+++ Given information +++

Lemma cval_surj : exists lift : forall r n, pobj Yinf r n -> staged r n,
  forall r n e, cval (lift r n e) = e.
Proof. by have [w [wK _]] := colim_retract; exists (fun r n e => repr (hc w r n e)). Qed.

Lemma cval_eq_eveq r n (a b : staged r n) : cval a = cval b -> eveq a b.
Proof. by have [w [_ w_cval]] := colim_retract => ab; apply/pi_eveq; rewrite -!w_cval ab. Qed.

End Cocone.
End SeqColim.

Arguments staged : clear implicits.
Arguments colim_space {Y} y r n.
Arguments cval_surj {Y y Yinf c}.
Arguments cval_eq_eveq {Y y Yinf c} c_colim {r n}.
Arguments cval_at_stage {Y y Yinf c} c_colim {r n M}.

(** * Objects of dimension at most one *)

(* For b <= 1, the coordinate of u on the basis vector onesmx 1 b. *)
Definition coord01 {b : nat} (u : 'rV[rat]_b) : rat := \sum_(j < b) u 0 j.

Lemma coord01_lin b : scalar (@coord01 b).
Proof.
by move=> a u v; rewrite /coord01 mulr_sumr -big_split; apply: eq_bigr => j _; rewrite !mxE.
Qed.

Lemma coord01_ones a b (u : 'rV[rat]_a) : coord01 (u *m onesmx a b) = coord01 u *+ b.
Proof.
rewrite /coord01 (eq_bigr (fun _ => \sum_(j < a) u 0 j)) ?sumr_const ?card_ord //.
by move=> j _; rewrite !mxE; apply: eq_bigr => i _; rewrite !mxE mulr1.
Qed.

Lemma coord01_unit (b : bool) : coord01 (onesmx 1 b) = b%:R.
Proof.
by rewrite /coord01 (eq_bigr (fun _ => 1)) ?sumr_const ?card_ord // => j _; rewrite !mxE.
Qed.

Lemma coord01K (b : bool) (u : 'rV[rat]_b) : u = coord01 u *: onesmx 1 b.
Proof.
case: b u => u; apply/matrixP => i j; rewrite !mxE; last by case: j.
by rewrite mulr1 /coord01 big_ord1 !ord1.
Qed.

Section ZeroOneObjects.
Context {dim : nnR -> nat -> bool}
  {dim_dd : forall r n, ~~ [&& dim r n, dim r n.+1 & dim r n.+2]}
  {dim_conv : forall (r1 r2 r3 : nnR) n, val r1 <= val r2 -> val r2 <= val r3 ->
     dim r1 n -> dim r3 n -> dim r2 n}
  {dim_nat : forall (r r' : nnR) n, val r <= val r' ->
     dim r n -> dim r' n.+1 -> dim r' n && dim r n.+1}.

Local Notation X := (mk01 dim dim_dd dim_conv dim_nat).

Definition unit01 r n : pobj X r n := onesmx 1 (dim r n).

Lemma unit01_d {r n} : dim r n -> pd X r n (unit01 r n) = unit01 r n.+1.
Proof. by move=> D; rewrite /= /unit01 onesmx_mul D. Qed.

Lemma unit01_map {r r'} h {n} : dim r n -> pmap X r r' h n (unit01 r n) = unit01 r' n.
Proof. by move=> D; rewrite /= /unit01 onesmx_mul D. Qed.

Lemma eq0_dim01 {r n} (u : pobj X r n) : ~~ dim r n -> u = 0.
Proof. by move/negbTE=> D; apply/matrixP => i [j hj]; exfalso; move: hj; rewrite D. Qed.

Lemma coord01_eq0 {r n} (u : pobj X r n) : ~~ dim r n -> coord01 u = 0.
Proof. by move/(eq0_dim01 u)->; rewrite /coord01 big1 // => j _; rewrite mxE. Qed.

Lemma hom01_ext (W : pch) (h1 h2 : phom X W) :
  (forall r n, dim r n -> hc h1 r n (unit01 r n) = hc h2 r n (unit01 r n)) -> heq h1 h2.
Proof.
move=> h12 r n u.
have /orP[D|D] := orbN (dim r n).
  have -> : u = coord01 u *: unit01 r n by exact: coord01K.
  by rewrite !hcZ h12.
by rewrite (eq0_dim01 u D) !hc0.
Qed.

Section Hom01.
Variables (W : pch) (E : forall r n, pobj W r n).
Hypotheses (E_d : forall r n, dim r n -> pd W r n (E r n) = E r n.+1)
  (E_map : forall r r' h n, dim r n -> pmap W r r' h n (E r n) = E r' n)
  (E_0 : forall r n, ~~ dim r n -> E r n = 0).

Lemma hom01_lin r n : linear (fun u : pobj X r n => coord01 u *: E r n).
Proof. by move=> a u v; rewrite coord01_lin scalerDl scalerA. Qed.

Lemma hom01_d r n (u : pobj X r n) :
  pd W r n (coord01 u *: E r n) = coord01 (pd X r n u) *: E r n.+1.
Proof.
rewrite (linear_funZ (pd_lin W r n)).
rewrite [coord01 _ in RHS](coord01_ones (dim r n) (dim r n.+1) u).
have /orP[D|D] := orbN (dim r n); last by rewrite coord01_eq0 // mul0rn !scale0r.
by rewrite E_d //; case: (boolP (dim r n.+1)) => [_|/E_0->]; rewrite ?mulr1n ?scaler0.
Qed.

Lemma hom01_map r r' h n (u : pobj X r n) :
  pmap W r r' h n (coord01 u *: E r n) = coord01 (pmap X r r' h n u) *: E r' n.
Proof.
rewrite (linear_funZ (pmap_lin W r r' h n)).
rewrite [coord01 _ in RHS](coord01_ones (dim r n) (dim r' n) u).
have /orP[D|D] := orbN (dim r n); last by rewrite coord01_eq0 // mul0rn !scale0r.
by rewrite E_map //; case: (boolP (dim r' n)) => [_|/E_0->]; rewrite ?mulr1n ?scaler0.
Qed.

Definition hom01 : phom X W :=
  @PHom X W (fun r n u => coord01 u *: E r n) hom01_lin hom01_d hom01_map.

Lemma hom01_unit r n : dim r n -> hc hom01 r n (unit01 r n) = E r n.
Proof. by move=> D; rewrite /= /unit01 coord01_unit D scale1r. Qed.

End Hom01.

End ZeroOneObjects.

(** * The presentation of S^k_[s,t) *)

(* The structure map, extended by zero when b < a. *)
Definition pmap_tot {W : pch} (a b : nnR) n (x : pobj W a n) : pobj W b n :=
  if (val a <= val b) =P true is ReflectT h then pmap W a b h n x else 0.

Lemma pmap_totE {W : pch} {a b : nnR} (h : val a <= val b) n x :
  pmap_tot a b n x = pmap W a b h n x.
Proof. by rewrite /pmap_tot; case: eqP => [h'|]; [rewrite (eq_irrelevance h' h) | rewrite h]. Qed.

Lemma pmap_tot_comp {W : pch} {a b c : nnR} (hab : val a <= val b) (hbc : val b <= val c) n x :
  pmap W b c hbc n (pmap_tot a b n x) = pmap_tot a c n x.
Proof.
have hac := le_trans hab hbc.
by rewrite (pmap_totE hab) (pmap_totE hac) (pmap_comp _ _ _ _ _ _ hac).
Qed.

Section Sphere.
Variables (k : nat) (s : R) (t : option R).
Hypotheses (s_ge0 : 0 <= s) (s_lt_t : ltRo s t).

Local Notation S := (Sph k s t).
Local Notation sdim := (sdim k s t).
Local Notation gen :=
  (@unit01 (Defs.sdim k s t) (sdim_dd k s t) (sdim_comp k s t) (sdim_dnat k s t)).

Definition s0 : nnR := exist _ s s_ge0.
(* When t = oo there is no generator at time t, and t0 := s0 is a dummy value. *)
Definition t0 : nnR := if t is Some u then insubd s0 u else s0.

Lemma val_t0 {u} : t = Some u -> val t0 = u.
Proof.
move=> tu; rewrite /t0 tu insubdK //; move: s_lt_t; rewrite tu /=.
by move/ltW; apply: le_trans.
Qed.

Lemma s0_le_t0 : val s0 <= val t0.
Proof.
case tu: t => [u|]; last by rewrite /t0 tu.
by rewrite (val_t0 tu) /=; move: s_lt_t; rewrite tu => /ltW.
Qed.

Lemma sdim_s0 : sdim s0 k.
Proof. by rewrite /Defs.sdim /s0 /= lexx eqxx; case: t s_lt_t => [u /= ->|]. Qed.

Lemma sdim_succ r : ~~ sdim r k.+1.
Proof. by rewrite /Defs.sdim; case: (_ <= _); case: before => /=; lia. Qed.

Lemma sdim_top {r} : (0 < k)%N -> t != None -> val t0 <= val r -> sdim r k.-1 && sdim r k.
Proof.
case tu: t => [u|] // k0 _; rewrite (val_t0 tu) /Defs.sdim => ur.
have sr : s <= val r by move: s_lt_t; rewrite tu /= => /ltW /le_trans; apply.
by rewrite sr /= ltNge ur /= k0 prednK // eqxx !orbT.
Qed.

Lemma sdim_cases r n : sdim r n ->
  (n = k /\ val s0 <= val r) \/ [/\ n = k.-1, (0 < k)%N, t != None & val t0 <= val r].
Proof.
rewrite /Defs.sdim; case: (boolP (s <= val r)) => // sr /=.
case tu: t => [u|] /=; last by rewrite orbF => /eqP->; left.
rewrite -(val_t0 tu) -leNgt; case: leP => t0r /=; last by rewrite orbF => /eqP->; left.
by case/andP=> k0 /orP[/eqP->|/eqP<-]; [left | right].
Qed.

+++

[Aim of the task]:
Where a line in the data contains the string "boolP", add it to your count, and give only the final number.

[Exercise result]:
3